Camila Valdez tenía dieciocho años cuando conoció a Diego Montenegro. Él tenía veinte, trabajaba arreglando autos en un taller del barrio y vivía con su abuela materna. Ella venía de una familia estricta, de esas que miden el valor de una persona por el apellido y la cuenta bancaria. Pero eso no importó en ese momento. Camila y Diego no se fijaron en esas cosas. Solo se vieron, se gustaron, y comenzó algo que cambió sus vidas para siempre.
Se conocieron un sábado por la tarde. Camila había salido a comprar materiales para una tarea de arte cuando se le cayeron los pinceles y una carpeta con bocetos en la vereda. Diego, que pasaba en su bicicleta, se detuvo a ayudarla. Sus manos se tocaron por accidente cuando ambos intentaron recoger el mismo dibujo. Ella se rió nerviosa, y él sonrió sin decir nada. Desde ese gesto torpe nació algo que ninguno pudo ignorar.
Los días siguientes se encontraron por casualidad. O eso querían creer. En realidad, empezaron a buscarse. Camila pasaba por la esquina del taller con la excusa de que iba a comprar pan, aunque ya tenía en casa. Diego salía a barrer la vereda a la misma hora en que sabía que ella regresaba del colegio. Poco a poco, comenzaron a hablar más, a reírse de tonterías, a compartir anécdotas de su día.
A Camila le encantaba cómo Diego la miraba. Con atención, sin juzgar. A Diego le gustaba cómo ella hablaba de sus sueños con pasión, como si realmente creyera que el arte podía cambiar el mundo.
Una tarde, mientras compartían un helado en una plaza vacía, él le dijo:
-¿Tú crees en eso de que el amor puede con todo?

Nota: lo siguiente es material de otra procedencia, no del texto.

Section UnionBound.
Variables (C A B : {set G}) (a b w : G).
Local Notation H := (period C).
Local Notation x := (acoset H a).
Local Notation y := (acoset H b).
Local Notation D := (cross_addset H A B a b).
Local Notation K := (period D).
Local Notation U := (A :|: B).
Hypotheses (ha : a \in A) (hb : b \in B).
Hypotheses (hwq : w \in acoset H (a + b)) (hwD : w \notin D).
Hypothesis IHD : forall X Y, X != set0 -> Y != set0 ->
  (#|X :+: Y| <= #|D|)%N -> kneser_ineq X Y.

Lemma cross_addset_sub_acoset : D \subset acoset H (a + b).
Proof.
apply/subsetP=> _ /setUP[] /addsetP[u1 /setIP[_ h1] [u2 /setIP[_ h2] ->]].
  exact: acoset_add.
by rewrite addrC; exact: acoset_add.
Qed.

Lemma add_mem_cross_addset : a + b \in D.
Proof. by rewrite inE mem_addset // inE ?ha ?hb acoset_self. Qed.

Lemma period_cross_addset_sub : K \subset H.
Proof.
by apply: period_sub_acoset cross_addset_sub_acoset _; apply/set0Pn; exists (a + b); exact: add_mem_cross_addset.
Qed.

Lemma cross_pair_bound X Y : X != set0 -> Y != set0 -> X :+: Y \subset D ->
  (#|X :+: K| + #|Y :+: K| <= #|X :+: Y :+: K| + #|period (X :+: Y :+: K)|)%N.
Proof.
move=> Xn Yn sXY; rewrite -addset_period2.
apply/kneser_ineq_weak/IHD; rewrite ?addset_period_neq0 // addset_period2 subset_leq_card //.
by rewrite (subset_trans _ (addset_sub_period (subxx K))) // addsetS.
Qed.

Lemma card_addset_period_acoset c :
  (#|U :+: K :&: acoset H c| <= #|(A :&: acoset H c) :+: K| + #|(B :&: acoset H c) :+: K|)%N.
Proof.
have sKc := subset_trans period_cross_addset_sub (period_acoset C c).
by rewrite (leq_trans (subset_leq_card (addsetI_sub U sKc))) // setIUl addsetUl cardsU leq_subr.
Qed.

Let aU : a \in U. Proof. by rewrite inE ha. Qed.
Let bU : b \in U. Proof. by rewrite inE hb orbT. Qed.

Let sUK : U :+: K \subset U :+: H := addsetS (subxx U) period_cross_addset_sub.
Let sUH c : c \in U -> acoset H c \subset U :+: H.
Proof. by move=> cU; rewrite /acoset addsetS ?sub1set. Qed.

Lemma union_bound_same_acoset : b - a \in H ->
  (#|U :+: K| + #|H| <= #|U :+: H| + #|D| + #|K|)%N.
Proof.
move=> hab; have exy := acoset_eq hab.
have eD : D = (A :&: x) :+: (B :&: x) by rewrite /cross_addset -exy setUid.
have Axn : A :&: x != set0 by apply/set0Pn; exists a; rewrite inE ha acoset_self.
have Bxn : B :&: x != set0 by apply/set0Pn; exists b; rewrite inE hb exy acoset_self.
have := cross_pair_bound Axn Bxn; rewrite -eD addset_period subxx => /(_ isT).
have := card_addset_period_acoset a.
have := leq_card_overlap sUK (sUH aU); rewrite card_acoset; clear; lia.
Qed.

Lemma union_bound_distinct_acoset : b - a \notin H ->
  (#|U :+: K| + #|H| <= #|U :+: H| + #|D| + #|K|)%N.
Proof.
move=> hab; have := leq_card_overlap2 sUK (sUH aU) (sUH bU) (acoset_disjoint hab).
rewrite !card_acoset.
have cx : (#|U :+: K :&: x| <= #|H|)%N by rewrite -(card_acoset H a) subset_leq_card ?subsetIr.
have cy : (#|U :+: K :&: y| <= #|H|)%N by rewrite -(card_acoset H b) subset_leq_card ?subsetIr.
have vx := card_addset_period_acoset a; have vy := card_addset_period_acoset b.
have Axn : A :&: x != set0 by apply/set0Pn; exists a; rewrite inE ha acoset_self.
have Byn : B :&: y != set0 by apply/set0Pn; exists b; rewrite inE hb acoset_self.
have p1 := cross_pair_bound Axn Byn (subsetUl _ _).
have [Bx0|Bxn] := eqVneq (B :&: x) set0.
  have eD : D = (A :&: x) :+: (B :&: y) by rewrite /cross_addset Bx0 addset0 setU0.
  rewrite -eD addset_period in p1.
  by rewrite Bx0 add0set cards0 in vx; move: vx cy p1; clear; lia.
have [Ay0|Ayn] := eqVneq (A :&: y) set0.
  have eD : D = (A :&: x) :+: (B :&: y) by rewrite /cross_addset Ay0 add0set setU0.
  rewrite -eD addset_period in p1.
  by rewrite Ay0 add0set cards0 in vy; move: vy cx p1; clear; lia.
have p2 := cross_pair_bound Ayn Bxn (subsetUr _ _).
have defD : (A :&: x) :+: (B :&: y) :+: K :|: (A :&: y) :+: (B :&: x) :+: K = D.
  by rewrite -addsetUl; exact: addset_period.
have S1n : (A :&: x) :+: (B :&: y) :+: K != set0.
  by rewrite addset_period_neq0 // addset_eq0 negb_or Axn.
have S2n : (A :&: y) :+: (B :&: x) :+: K != set0.
  by rewrite addset_period_neq0 // addset_eq0 negb_or Ayn.
have := leq_card_period_cover cross_addset_sub_acoset hwq hwD defD S1n S2n.
have := cardsUI ((A :&: x) :+: (B :&: y) :+: K) ((A :&: y) :+: (B :&: x) :+: K).
rewrite defD; move: vx vy p1 p2; clear; lia.
Qed.

Lemma union_bound : (#|U :+: K| + #|H| <= #|U :+: H| + #|D| + #|K|)%N.
Proof.
by have [/union_bound_same_acoset|/union_bound_distinct_acoset] := boolP (b - a \in H).
Qed.

End UnionBound.

(* Orders pairs lexicographically by |A + B|, then by |B + period (A + B)|. *)
Definition kneser_measure A B : nat :=
  (#|A :+: B| * #|G|.+1 + #|B :+: period (A :+: B)|)%N.

Lemma kneser_measure_lt X Y A B :
  (#|X :+: Y| < #|A :+: B|)%N -> (kneser_measure X Y < kneser_measure A B)%N.
Proof.
move=> lt_XY; rewrite /kneser_measure (@leq_trans (#|X :+: Y|.+1 * #|G|.+1)) //.
  by rewrite mulSnr ltn_add2l ltnS max_card.
by rewrite (leq_trans _ (leq_addr _ _)) // leq_mul2r lt_XY orbT.
Qed.

Section Core.
Variables (A B : {set G}) (a0 b1 : G).
Local Notation S := (A :+: B).
Local Notation L := (period (A :+: B)).
Local Notation I := (A :&: B).
Local Notation U := (A :|: B).
Hypotheses (LA : L \subset period A) (LB : L \subset period B).
Hypotheses (a0A : a0 \in A) (a0B : a0 \in B) (b1B : b1 \in B) (b1A : b1 \notin A).
Hypothesis IH : forall X Y, X != set0 -> Y != set0 ->
  (kneser_measure X Y < kneser_measure A B)%N -> kneser_ineq X Y.

Definition admissible C : bool :=
  [&& C \subset S, C != set0, L \subset period C &
      (#|I| + #|U :+: period C| <= #|C| + #|period C|)%N].

Lemma admissible_card C : admissible C ->
  (#|I| + #|U :+: period C| <= #|C| + #|period C|)%N.
Proof. by case/and4P. Qed.

Lemma admissibleI C : C \subset S -> C != set0 -> L \subset period C ->
  (#|I| + #|U :+: period C| <= #|C| + #|period C|)%N -> admissible C.
Proof. by move=> *; apply/and4P. Qed.

Lemma addset_setU_setI_sub : U :+: I \subset S.
Proof.
apply/subsetP=> _ /addsetP[u /setUP[uA|uB] [i /setIP[iA iB] ->]]; first exact: mem_addset.
by rewrite addrC mem_addset.
Qed.

Lemma admissible_init : admissible (U :+: I).
Proof.
have Un : U != set0 by apply/set0Pn; exists a0; rewrite inE a0A.
have In : I != set0 by apply/set0Pn; exists a0; rewrite inE a0A a0B.
have LUI : L \subset period (U :+: I) by apply/sub_period_addset/sub_periodU.
rewrite /admissible addset_setU_setI_sub addset_eq0 negb_or Un In LUI /=.
have lt_mu : (kneser_measure U I < kneser_measure A B)%N.
  have [|geS] := ltnP #|U :+: I| #|S|; first exact: kneser_measure_lt.
  have eS : U :+: I = S by apply/eqP; rewrite eqEcard addset_setU_setI_sub.
  rewrite /kneser_measure eS ltn_add2l (addset_periodic (period0 _) LB).
  rewrite (addset_periodic (period0 _) (sub_periodI LA LB)).
  by apply: proper_card; rewrite properE subsetIr; apply/subsetPn; exists b1; rewrite ?inE ?(negbTE b1A).
apply: leq_trans (IH Un In lt_mu); rewrite addnC leq_add2l.
by rewrite subset_leq_card // subset_addset0 ?period0.
Qed.

Lemma admissible_shrink C : admissible C -> ~~ (period C \subset L) ->
  exists2 C', admissible C' & (#|period C'| < #|period C|)%N.
Proof.
move=> admC /subsetPn[h hC hL]; have ineqC := admissible_card admC.
have /and4P[CS Cn LC _] := admC.
have [_ /addsetP[a aA [b bB ->]] abhS] := not_mem_period hL.
set D := cross_addset (period C) A B a b; set q := acoset (period C) (a + b).
have Dq : D \subset q := cross_addset_sub_acoset C A B a b.
have abD : a + b \in D := add_mem_cross_addset C aA bB.
have DS : D \subset S by rewrite subUset !addsetS ?subsetIl.
have wq : a + b + h \in q := acoset_addr (acoset_self C (a + b)) hC.
have wD : a + b + h \notin D by apply: contra abhS; exact: (subsetP DS).
have qC : q :&: C = set0 by apply: acoset_periodic_disjoint wq (contra (subsetP CS _) abhS).
have DC : D :&: C = set0 by apply/eqP; rewrite -subset0 -qC setSI.
have ltDS : (#|D| < #|S|)%N.
  apply: leq_trans (subset_leq_card (_ : D :|: C \subset S)); last by rewrite subUset DS.
  by rewrite cardsU DC cards0 subn0 -addn1 leq_add2l card_gt0.
have IHD X Y : X != set0 -> Y != set0 -> (#|X :+: Y| <= #|D|)%N -> kneser_ineq X Y.
  by move=> Xn Yn leXY; apply: IH => //; apply/kneser_measure_lt/(leq_ltn_trans leXY).
have Dn : D != set0 by apply/set0Pn; exists (a + b).
have qD : ~~ (q \subset D) by apply/subsetPn; exists (a + b + h).
have eK : period (C :|: D) = period D := period_setU_acoset Dq Dn qD qC.
have ltK : (#|period D| < #|period C|)%N.
  rewrite proper_card // properE period_cross_addset_sub ?Dn //=; apply/subsetPn.
  by exists h => //; apply: contra wD => hD; exact: mem_period.
have LD : L \subset period D := sub_period_cross_addset a b LC LA LB.
have UB := union_bound aA bB wq wD IHD; rewrite -/D in UB.
exists (C :|: D); last by rewrite eK.
have CDn : C :|: D != set0 by apply/set0Pn; exists (a + b); rewrite inE abD orbT.
apply: admissibleI => //; [by rewrite subUset CS DS | by rewrite eK | rewrite eK].
have := cardsUI C D; rewrite setIC DC cards0 addn0 => ->.
by move: ineqC UB; clear; lia.
Qed.

Lemma kneser_core : (#|A| + #|B| <= #|S| + #|L|)%N.
Proof.
have [C admC minC] := arg_minnP (fun C => #|period C|) admissible_init.
have /and4P[CS _ LC _] := admC; have ineqC := admissible_card admC.
have CL : period C \subset L.
  apply: contraT => /(admissible_shrink admC)[C' admC' ltC'].
  by have := minC C' admC'; rewrite leqNgt ltC'.
have eC : period C = L by apply/eqP; rewrite eqEsubset CL LC.
rewrite eC (addset_periodic (period0 _) (sub_periodU LA LB)) in ineqC.
have := subset_leq_card CS; have := cardsUI A B.
by move: ineqC; clear; lia.
Qed.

Camila se quedó pensando unos segundos.
-No lo sé... pero quiero creerlo.
Él le tomó la mano por primera vez esa tarde. A partir de ahí, no hubo vuelta atrás.
Durante meses vivieron un romance a escondidas. Ella inventaba que se iba a estudiar con una amiga, o que tenía actividades escolares. Él siempre la esperaba con su sonrisa tranquila y los brazos abiertos. Camila sentía que el mundo desaparecía cuando estaba con él. Y Diego, por primera vez, pensaba que tal vez podía ser feliz sin tener que luchar tanto contra la vida.

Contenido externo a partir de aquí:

(* Linear stability: for every bounded linear T : E -> F, (T x_j) in X(F)
   whenever (x_j) in X(E), and the induced map has norm <= ||T||, i.e.
   ||(T x_j)||_X(F) <= c ||(x_j)||_X(E) for every bound c of T.
   (The reverse inequality ||induced|| >= ||T|| is automatic from
   sc_norm_unit.) *)
Definition linearly_stable (X : seq_class) : Prop :=
  forall (E F : Banach) (T : {linear E -> F}) (c : K), bounded_by T c ->
  forall x : nat -> E, sc_mem X x ->
    sc_mem X (fun j => T (x j)) /\
    sc_norm X (fun j => T (x j)) <= c * sc_norm X x.

Definition isometric_embedding (E F : Banach) (i : {linear E -> F}) : Prop :=
  forall x, `|i x| = `|x|.

Definition finitely_injective (X : seq_class) : Prop :=
  forall (E F : Banach) (i : {linear E -> F}), isometric_embedding i ->
  forall (k : nat) (x : nat -> E),
    sc_norm X (seq_trunc k x) <= sc_norm X (seq_trunc k (fun j => i (x j))).

(* An element u = sum_j x_j (x) y_j of E (x) F is given by a representation,
   i.e. a finite list of pairs (x_j, y_j). *)
Definition rep (E F : Banach) := seq (E * F).

Definition bilinear_form (E F : Banach) (B : E -> F -> K) : Prop :=
  (forall (a : K) (x x' : E) (y : F), B (a *: x + x') y = a * B x y + B x' y) /\
  (forall (a : K) (x : E) (y y' : F), B x (a *: y + y') = a * B x y + B x y').

(* Two representations define the same tensor iff every bilinear form on
   E x F takes the same value on them (universal property of E (x) F). *)
Definition teq (E F : Banach) (s t : rep E F) : Prop :=
  forall B : E -> F -> K, bilinear_form B ->
    \sum_(p <- s) B p.1 p.2 = \sum_(p <- t) B p.1 p.2.
Lemma sqrt_mod_pow_lift p D n a : prime p -> p <> 2 -> ~ (p | D) -> (0 < n)%nat ->
  (p ^ Z.of_nat n | a*a - D) ->
  exists a', (p ^ Z.of_nat (S n) | a'*a' - D) /\
             a' mod p ^ Z.of_nat n = a mod p ^ Z.of_nat n.
Proof.
  intros Hp Hp2 HD Hn [e He].
  set (N := p ^ Z.of_nat n) in *.
  assert (HpN : (p | N)).
  { destruct n as [|k]; [lia|]. exists (p ^ Z.of_nat k). apply pow_succ_nat. }
  assert (H2a : ~ (p | 2 * a)).
  { intros Hpa. destruct (prime_mult p Hp 2 a Hpa) as [Hp2'|Hpa'].
    - apply Z.divide_pos_le in Hp2'; [|lia]. pose proof (prime_ge_2 p Hp); lia.
    - apply HD. replace D with (a*a - e*N) by lia.
      apply Z.divide_sub_r; [apply Z.divide_mul_l|apply Z.divide_mul_r]; auto. }
  destruct (rel_prime_bezout _ _ (prime_rel_prime p Hp _ H2a)) as [u v Huv].
  exists (a - N * (e * v)). split.
  - rewrite pow_succ_nat; fold N. destruct HpN as [c Hc].
    exists (e * u + c * e * e * v * v).
    replace ((a - N * (e * v)) * (a - N * (e * v)) - D)
      with ((a*a - D) - N * e * (v * (2 * a)) + N * N * (e * v) * (e * v)) by ring.
    rewrite He. replace (v * (2 * a)) with (1 - u * p) by lia.
    rewrite Hc. ring.
  - replace (a - N * (e * v)) with (a + (- (e * v)) * N) by ring.
    apply Z_mod_plus_full.
Qed.

Lemma Zp_sqrt p D r : prime p -> p <> 2 -> ~ (p | D) -> (p | r*r - D) ->
  exists z : Zp p, forall n, (p ^ Z.of_nat n | zp_seq z n * zp_seq z n - D).
Proof.
  intros Hp Hp2 HD Hr.
  assert (Hp0 : 0 < p) by (pose proof (prime_ge_2 p Hp); lia).
  apply (Zp_of_lifts p (fun n a => (p ^ Z.of_nat n | a * a - D))); [assumption| | |].
  - intros n a b E Ha. apply (square_congr _ _ a); [|assumption].
    apply mod_eq_divide; [pose proof (pow_nat_pos p n Hp0); lia|auto].
  - apply Z.divide_1_l.
  - intros [|k] a Ha.
    + exists r. split; [now rewrite pow_succ_nat, Z.mul_1_l|].
      now rewrite !Z.mod_1_r.
    + apply sqrt_mod_pow_lift; auto; lia.
Qed.

Definition Zp_of_Z (p : Z) (Hp : 0 < p) (c : Z) : Zp p.
Proof.
  refine {| zp_seq n := c mod p ^ Z.of_nat n;
            zp_range n := Z.mod_pos_bound _ _ (pow_nat_pos p n Hp) |}.
  intro n. symmetry. apply Zmod_div_mod; auto using pow_nat_pos.
  exists p. rewrite pow_succ_nat; ring.
Defined.
Lemma homog_zonal x m i : homog (2 * m + i) (pzonal x m i).
Proof. exact/homog_sqnorm_mul/homog_ppow. Qed.

Lemma homog_mono a : homog (mdeg a) (pmono a).
Proof. by rewrite /homog /= eqxx. Qed.

Lemma homog_scale k c p : homog k p -> homog k (pscale c p).
Proof. by move=> /allP hp; apply/allP => m /mapP [m' /hp ? ->]. Qed.

Lemma homog_pdeg_le k t p : homog k p -> (k <= t)%N -> pdeg_le p t.
Proof. by move=> /allP hp kt; apply/allP => m /hp /eqP ->. Qed.

End Polynomials.

Section SphereAverage.
Variable R : rcfType.
Variable d : nat.
Local Notation mexp := (mexp d).
Local Notation avg := (@sphere_mono_avg R d).

Lemma dfactS n : dfact n.+1 = (n.+1 * dfact n.-1)%N.
Proof. by case: n => [|n] //=; rewrite muln1. Qed.

Lemma sphere_den_neq0 k : (0 < d)%N -> \prod_(j < k) ((d + 2 * j)%:R : R) != 0.
Proof.
move=> d_gt0; rewrite -natr_prod pnatr_eq0 -lt0n prodn_gt0 // => j.
by rewrite addn_gt0 d_gt0.
Qed.

Lemma sphere_mono_avg_odd (a : mexp) : odd (mdeg a) -> avg a = 0.
Proof. by rewrite /sphere_mono_avg; case: ifP => // /mdeg_even /negbTE ->. Qed.

Lemma sphere_mono_avg_unit_add0 l (a : mexp) : a l = 0%N -> avg (mexp_add (mexp_unit l) a) = 0.
Proof.
move=> al0; rewrite /sphere_mono_avg; case: ifP => // /forallP /(_ l).
by rewrite !ffunE eqxx al0.
Qed.

Lemma sphere_mono_avg0 : avg (mexp0 d) = 1.
Proof.
rewrite /sphere_mono_avg; case: ifP => [_|/forallP []]; last by move=> i; rewrite ffunE.
by rewrite mdeg0 big_ord0 big1 ?divr1 // => i _; rewrite ffunE.
Qed.

Lemma sphere_mono_avg_unit l : avg (mexp_unit l) = 0.
Proof. by rewrite -[mexp_unit l]mexp_addn0 sphere_mono_avg_unit_add0 // ffunE. Qed.

Hypothesis d_gt0 : (0 < d)%N.

Lemma sphere_mono_avg_add_sq l (c : mexp) :
  avg (mexp_add (mexp_add (mexp_unit l) (mexp_unit l)) c)
  = (c l).+1%:R / (d + mdeg c)%:R * avg c.
Proof.
rewrite /sphere_mono_avg; set b := mexp_add _ _.
have bE i : b i = ((i == l).*2 + c i)%N by rewrite !ffunE addnn.
have -> : [forall i, ~~ odd (b i)] = [forall i, ~~ odd (c i)].
  by apply: eq_forallb => i; rewrite bE oddD odd_double.
case: ifP => c_even; last by rewrite mulr0.
have -> : mdeg b = (mdeg c).+2 by rewrite !mdeg_add mdeg_unit.
have half_c : (2 * (mdeg c)./2)%N = mdeg c.
  by rewrite mul2n -{2}(odd_double_half (mdeg c)) (negbTE (mdeg_even c_even)).
rewrite /= big_ord_recr /= half_c (bigD1 l) //= [X in _ = _ * (X%:R / _)](bigD1 l) //=.
have -> : (b l).-1 = (c l).+1 by rewrite bE eqxx.
have -> : \prod_(i < d | i != l) dfact (b i).-1 = \prod_(i < d | i != l) dfact (c i).-1.
  by apply: eq_bigr => i /negbTE il; rewrite bE il.
have dc_neq0 : ((d + mdeg c)%:R : R) != 0 by rewrite pnatr_eq0 -lt0n addn_gt0 d_gt0.
rewrite dfactS !natrM; field.
by rewrite sphere_den_neq0 // -natrD dc_neq0.
Qed.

Pero el amor de juventud tiene sus propias reglas. Es rápido, intenso, ingenuo. Se sienten eternos los besos bajo la lluvia, los mensajes escondidos, las miradas cómplices en los pasillos de una feria. Y para ellos, todo eso se volvió parte de una rutina secreta que los hacía felices.
Hasta que llegó esa noche.
Camila había tenido una discusión horrible con su padre. Él había encontrado un dibujo donde ella había retratado a Diego. No dijo nada al principio, pero su mirada lo dijo todo. Le gritó que no quería que se relacionara con "gente sin futuro", que debía enfocarse en ser una señorita, en tener un buen matrimonio, en representar el apellido Valdez con dignidad.
Ella no contestó. Solo se fue.
Esa noche fue directo al taller, donde Diego seguía trabajando. Estaba sucio, con la cara manchada de grasa y las manos agrietadas por el trabajo duro. Pero para ella, nunca se había visto más perfecto. Camila se lanzó a sus brazos sin decir palabra. Lo besó como si fuera la última vez. Y ahí, en la oscuridad del depósito donde él guardaba las herramientas, se entregaron por primera vez.
No hubo música, ni velas, ni palabras románticas. Pero tampoco hubo dudas. Fue real, tierno, torpe, pero honesto. Fue suyo.
-¿Te arrepientes? -le preguntó Diego mientras ella se acomodaba junto a él, con la cabeza sobre su pecho.
-Nunca -respondió ella sin pensarlo-. Si el mundo se acaba mañana, hoy fui feliz.
Después de esa noche, empezaron a hablar en serio de fugarse. Diego decía que conocía a alguien en otra ciudad, que podía trabajar allá. Que podían empezar de cero. Él no tenía miedo. Tenía hambre de futuro. Y Camila, aunque asustada, sentía que podía hacerlo si él estaba a su lado.
-¿Y si nos vamos? -le dijo una noche mientras veían las luces de la ciudad desde una colina-. Solo tú y yo.
-¿Y si nos sale mal?
-Entonces lo intentamos otra vez.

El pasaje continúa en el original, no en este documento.